BioWorld International Correspondent
LONDON - The search is on for molecules to stimulate a brain enzyme that can prevent the formation of the toxic deposits that characterize Alzheimer's disease, following encouraging results in an animal model.
Rather than focusing on trying to break down the toxic amyloid b-peptides that lead to the formation of senile plaques in the brain, the strategy aims to prevent amyloid b-peptides from forming in the first place. The approach focuses on boosting the activity of an enzyme called a-secretase, which breaks down amyloid precursor proteins in such a way that amyloid b-peptides cannot form.
Falk Fahrenholz, director of the Institute of Biochemistry at the University of Mainz in Germany, told BioWorld International: "Our study shows that enhancing the expression or activity of a-secretase is a worthwhile approach to preventing the pathology of Alzheimer's disease."
The paper, by Rolf Postina and colleagues in Belgium and at the University of Mainz, is published in the May 17, 2004, issue of Journal of Clinical Investigation. Its title is "A disintegrin-metalloproteinase prevents amyloid plaque formation and hippocampal defects in an Alzheimer disease mouse model."

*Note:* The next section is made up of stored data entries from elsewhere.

(* Let $P$ be a program which is safe w.r.t. a mode $M$, let $\mathit{Eqs}$ be a conjunction of equations, and let $G_1$ be a goal without occurrences of disequations. For all goals $G_2$, if there exists a goal $(A',G')$ such that $A'$ is a non-basic atom which does not satisfy $M$ and $(\mathit{Eqs},G_1,G_2)\longmapsto^*_P(A',G')$, then there exists a goal $(A'',G'')$ such that $A''$ is a non-basic atom which does not satisfy $M$ and $(G_1,\mathit{Eqs},G_2)\longmapsto^*_P(A'',G'')$.
   Context: Predicate symbols $\mathit{true}$, $=$, $\neq$ are basic, all others non-basic. Basic atoms: $\mathit{true}$, $t_1=t_2$ (equation), $t_1\neq t_2$ (disequation); non-basic atoms $p(t_1,\dots,t_m)$, $p$ non-basic. A goal is a conjunction of atoms ('','' associative, neutral element $\mathit{true}$). A clause $C$ is $A\leftarrow G$ with non-basic head $hd(C)$ and body $bd(C)$; a program is a set of clauses. All mgu's are relevant and idempotent. A variable $X$ is a local variable of goal $G$ in clause $H\leftarrow G_1,G,G_2$ iff $X\in vars(G)-vars(H,G_1,G_2)$. Operational semantics: (1) $(t_1=t_2,G)\longmapsto_P G\vartheta$ if $t_1,t_2$ unify with mgu $\vartheta$; (2) $(t_1\neq t_2,G)\longmapsto_P G$ if $t_1,t_2$ are not unifiable; (3) $(A,G)\longmapsto_P(bd(C),G)\vartheta$ if $A$ is non-basic, $C$ a renamed apart clause of $P$ and $\vartheta$ an mgu of $A$ and $hd(C)$; $\longmapsto^*_P$ is the reflexive-transitive closure. Modes: a mode for non-basic $p$ of arity $h$ is $p(m_1,\dots,m_h)$ with $m_i\in\{+,?\}$; $t_i$ is an input argument iff $m_i=+$, and variables in input arguments are input variables; a mode for a program contains exactly one mode for each non-basic predicate occurring in it. An atom satisfies $M$ iff $M$ has a mode for its predicate and its input arguments are ground. A clause $C$ is safe w.r.t. $M$ iff each variable of each disequation $t_1\neq t_2$ in $bd(C)$ is an input variable of $hd(C)$ or a local variable of $t_1\neq t_2$ in $C$; a program is safe iff all its clauses are. *)

From Stdlib Require Import List Arith.
Import ListNotations.

Inductive term : Type :=
| Var : nat -> term
| Fn : nat -> list term -> term.

Fixpoint tvars (t : term) : list nat :=
  match t with
  | Var x => [x]
  | Fn _ ts => flat_map tvars ts
  end.

Definition ground (t : term) : Prop := tvars t = [].

Definition subst := nat -> term.

Fixpoint tsubst (s : subst) (t : term) : term :=
  match t with
  | Var x => s x
  | Fn f ts => Fn f (map (tsubst s) ts)
  end.

(** The basic atom [true] is the neutral element of ",", so it is
    represented by the empty goal; the remaining basic atoms are equations
    and disequations; [APred p ts] is the non-basic atom p(ts). *)
Inductive atom : Type :=
| AEq : term -> term -> atom
| ANeq : term -> term -> atom
| APred : nat -> list term -> atom.

Definition nonbasic (a : atom) : Prop :=
  match a with APred _ _ => True | _ => False end.

Definition avars (a : atom) : list nat :=
  match a with
  | AEq t1 t2 | ANeq t1 t2 => tvars t1 ++ tvars t2
  | APred _ ts => flat_map tvars ts
  end.

Definition asubst (s : subst) (a : atom) : atom :=
  match a with
  | AEq t1 t2 => AEq (tsubst s t1) (tsubst s t2)
  | ANeq t1 t2 => ANeq (tsubst s t1) (tsubst s t2)
  | APred p ts => APred p (map (tsubst s) ts)
  end.

Definition goal := list atom.
Definition gvars (g : goal) : list nat := flat_map avars g.
Definition gsubst (s : subst) (g : goal) : goal := map (asubst s) g.

Record clause := mkClause { hd_pred : nat; hd_args : list term; bd : goal }.
Definition hd (c : clause) : atom := APred (hd_pred c) (hd_args c).
Definition cvars (c : clause) : list nat := avars (hd c) ++ gvars (bd c).

Definition program := clause -> Prop.

Definition is_unifier {X : Type} (sub : subst -> X -> X) (s : subst) (a b : X) : Prop :=
  sub s a = sub s b.

Definition dom_var (s : subst) (x : nat) : Prop := s x <> Var x.

Definition relevant {X : Type} (vs : X -> list nat) (s : subst) (a b : X) : Prop :=
  (forall x, dom_var s x -> In x (vs a ++ vs b)) /\
  (forall x y, dom_var s x -> In y (tvars (s x)) -> In y (vs a ++ vs b)).

Definition idempotent (s : subst) : Prop :=
  forall x, tsubst s (s x) = s x.

Definition is_mgu {X : Type} (sub : subst -> X -> X) (s : subst) (a b : X) : Prop :=
  is_unifier sub s a b /\
  (forall s', is_unifier sub s' a b ->
     exists e, forall x, s' x = tsubst e (s x)).

Definition rel_idem_mgu {X : Type} (sub : subst -> X -> X) (vs : X -> list nat)
  (s : subst) (a b : X) : Prop :=
  is_mgu sub s a b /\ relevant vs s a b /\ idempotent s.

Definition unifiable (t1 t2 : term) : Prop := exists s, tsubst s t1 = tsubst s t2.

Definition rename_subst (r : nat -> nat) : subst := fun x => Var (r x).
Definition rename_clause (r : nat -> nat) (c : clause) : clause :=
  mkClause (hd_pred c) (map (tsubst (rename_subst r)) (hd_args c))
           (gsubst (rename_subst r) (bd c)).

Definition renamed_apart (P : program) (g : goal) (c' : clause) : Prop :=
  exists c r, P c /\ (forall x y, r x = r y -> x = y) /\ c' = rename_clause r c /\
    (forall x, In x (cvars c') -> ~ In x (gvars g)).

Inductive step (P : program) : goal -> goal -> Prop :=
| step_eq : forall t1 t2 G s,
    rel_idem_mgu tsubst tvars s t1 t2 ->
    step P (AEq t1 t2 :: G) (gsubst s G)
| step_neq : forall t1 t2 G,
    ~ unifiable t1 t2 ->
    step P (ANeq t1 t2 :: G) G
| step_pred : forall p ts G c s,
    renamed_apart P (APred p ts :: G) c ->
    rel_idem_mgu asubst avars s (APred p ts) (hd c) ->
    step P (APred p ts :: G) (gsubst s (bd c ++ G)).

Inductive steps (P : program) : goal -> goal -> Prop :=
| steps_refl : forall G, steps P G G
| steps_trans : forall G1 G2 G3, step P G1 G2 -> steps P G2 G3 -> steps P G1 G3.

(** Modes: [M p = Some ms] is the (unique) mode of the predicate [p];
    [true] stands for "+" (input) and [false] for "?". *)
Definition mode := nat -> option (list bool).

(** Input arguments of [p(ts)] w.r.t. [M] (none if [M] has no mode for [p]
    of the right arity). *)
Definition input_args (M : mode) (p : nat) (ts : list term) : list term :=
  match M p with
  | Some ms =>
      if Nat.eqb (length ms) (length ts)
      then map snd (filter (fun bt => fst bt) (combine ms ts))
      else []
  | None => []
  end.

Definition satisfies (M : mode) (a : atom) : Prop :=
  match a with
  | APred p ts =>
      (exists ms, M p = Some ms /\ length ms = length ts) /\
      (forall t, In t (input_args M p ts) -> ground t)
  | _ => False
  end.

Definition input_var_of_head (M : mode) (c : clause) (x : nat) : Prop :=
  In x (flat_map tvars (input_args M (hd_pred c) (hd_args c))).

Definition safe_clause (M : mode) (c : clause) : Prop :=
  forall B1 B2 t1 t2, bd c = B1 ++ ANeq t1 t2 :: B2 ->
    forall x, In x (tvars t1 ++ tvars t2) ->
      input_var_of_head M c x \/
      ~ In x (avars (hd c) ++ gvars B1 ++ gvars B2).

Definition safe (M : mode) (P : program) : Prop :=
  forall c, P c -> safe_clause M c.

Definition is_disequation (a : atom) : Prop :=
  match a with ANeq _ _ => True | _ => False end.

(* Solving [Eqs] first turns [(Eqs, G1, G2)] into [S = (G1, G2) theta], theta an mgu of
   [Eqs].  We show, by induction on the floundering derivation from [S], that every goal
   [(H, E, K)] whose most general [E]-instance is a variant of [S] flounders as well,
   provided the disequations of [H] share no variable with the other atoms of [H] nor
   with [E].  The first atom of [H] is resolved just as its instance in [S]: an equation
   by an mgu through which the one of the derivation factors, an atom satisfying [M] with
   a fresh variant of the same clause (the lifting lemma), and a disequation fails to
   unify because [E] does not touch its variables; when [H] is empty, solving [E] leads
   back to a variant of [S].  Safety is what keeps the disequations isolated: a variable
   of a body disequation is either an input variable, ground once the selected atom
   satisfies [M], or local to that disequation.  Since [G1] contains no disequation,
   [(G1, Eqs, G2)] flounders. *)

From Pilot Require Import Defs.
From Stdlib Require Import List Arith Lia Wf_nat Classical.
Import ListNotations.

Definition scomp (s1 s2 : subst) : subst := fun x => tsubst s2 (s1 x).

Fixpoint term_nested_ind (Q : term -> Prop) (HVar : forall x, Q (Var x))
  (HFn : forall f ts, Forall Q ts -> Q (Fn f ts)) (t : term) : Q t :=
  match t with
  | Var x => HVar x
  | Fn f ts =>
      HFn f ts ((fix all_ts (l : list term) : Forall Q l :=
        match l with
        | [] => Forall_nil Q
        | u :: l' => Forall_cons u (term_nested_ind Q HVar HFn u) (all_ts l')
        end) ts)
  end.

In a "Commentary" in the same issue, Stefan Lichtenthaler and Christian Haass at the Ludwig-Maximilians-Universitat in Munich, Germany, said the study provides "compelling evidence" that the proposed strategy might work. In their article - titled "Amyloid at the cutting edge: activation of a-secretase prevents amyloidogenesis in an Alzheimer disease mouse model" - they wrote, "The work by Fahrenholz and colleagues is a major step forward in exploring the therapeutic potential of a-secretase targeting."
Amyloid precursor protein is the substrate for three proteases. Two of those, called b-secretase and g-secretase, generate amyloid b-peptides when they break down amyloid precursor protein, and many research teams have focused on ways of interfering with those reactions. The third, a-secretase, also acts on amyloid precursor protein, but snips it in the middle of the section that goes to form the amyloid b-peptide.
The old idea of activating a-secretase to ensure that amyloid precursor protein is broken down into harmless fragments, Lichtenthaler and Haass said, had been virtually forgotten until Fahrenholz and his colleagues decided to resurrect it.
The previous work of the team had identified a member of the ADAM (a disintegrin and metalloproteinase) family, known as ADAM10, as an a-secretase. They also knew that ADAM10 was expressed in the brains of both mice and humans.
They set out to establish if overexpressing ADAM10 could increase the breakdown of amyloid precursor protein into harmless products, while at the same time decreasing levels of amyloid b-peptides and slowing the formation of amyloid plaques. They also were keen to see the effect of such changes on the symptoms of animals that provide a mouse model of Alzheimer's disease.
They developed two different strains of transgenic mice. The first overexpressed ADAM10 selectively in neurons. The second overexpressed a mutant form of ADAM10, which was unable to break down amyloid precursor protein.
Each of those strains was crossed with a mouse model of Alzheimer's disease, in which human amyloid precursor protein was overexpressed in neurons, leading to higher levels of amyloid b-peptides, amyloid plaques and memory deficits.
The first of those experiments showed that ADAM10 works as an a-secretase in vivo. The offspring of that cross had lower than normal levels of amyloid b-peptides in their brains, and the amyloid plaques that would be expected to be seen in the Alzheimer's disease mouse model were almost completely absent.
By contrast, breakdown of amyloid precursor protein was lower than normal in the offspring of the second cross, levels of amyloid b-peptides increased and both the number and size of amyloid plaques in the brains of those animals also increased.
Lichtenthaler and Haass concluded that perhaps the most important finding of the study was that it provided evidence that "overexpression of ADAM10 [also] alleviates the deficits in spatial learning and synaptic plasticity observed in the control animals, suggesting that an activation of a-secretase cleavage may also improve cognitive status in humans."
Fahrenholz and colleagues are looking for novel activators of a-secretases by screening libraries of low-molecular-weight compounds. "We are looking for certain neuropeptides that stimulate the a-secretase pathway, and neuropeptides for which receptors exist in brain areas involved in Alzheimer's disease," he said. "We have also cloned the promoter for ADAM10 and we are looking for activators of gene expression."
Lichtenthaler and Haass noted that to reproduce the results of the experiments in humans, it would be necessary to use gene therapy to overexpress ADAM10 in neurons. Fahrenholz said he and his group currently are working on a nonviral approach to gene therapy.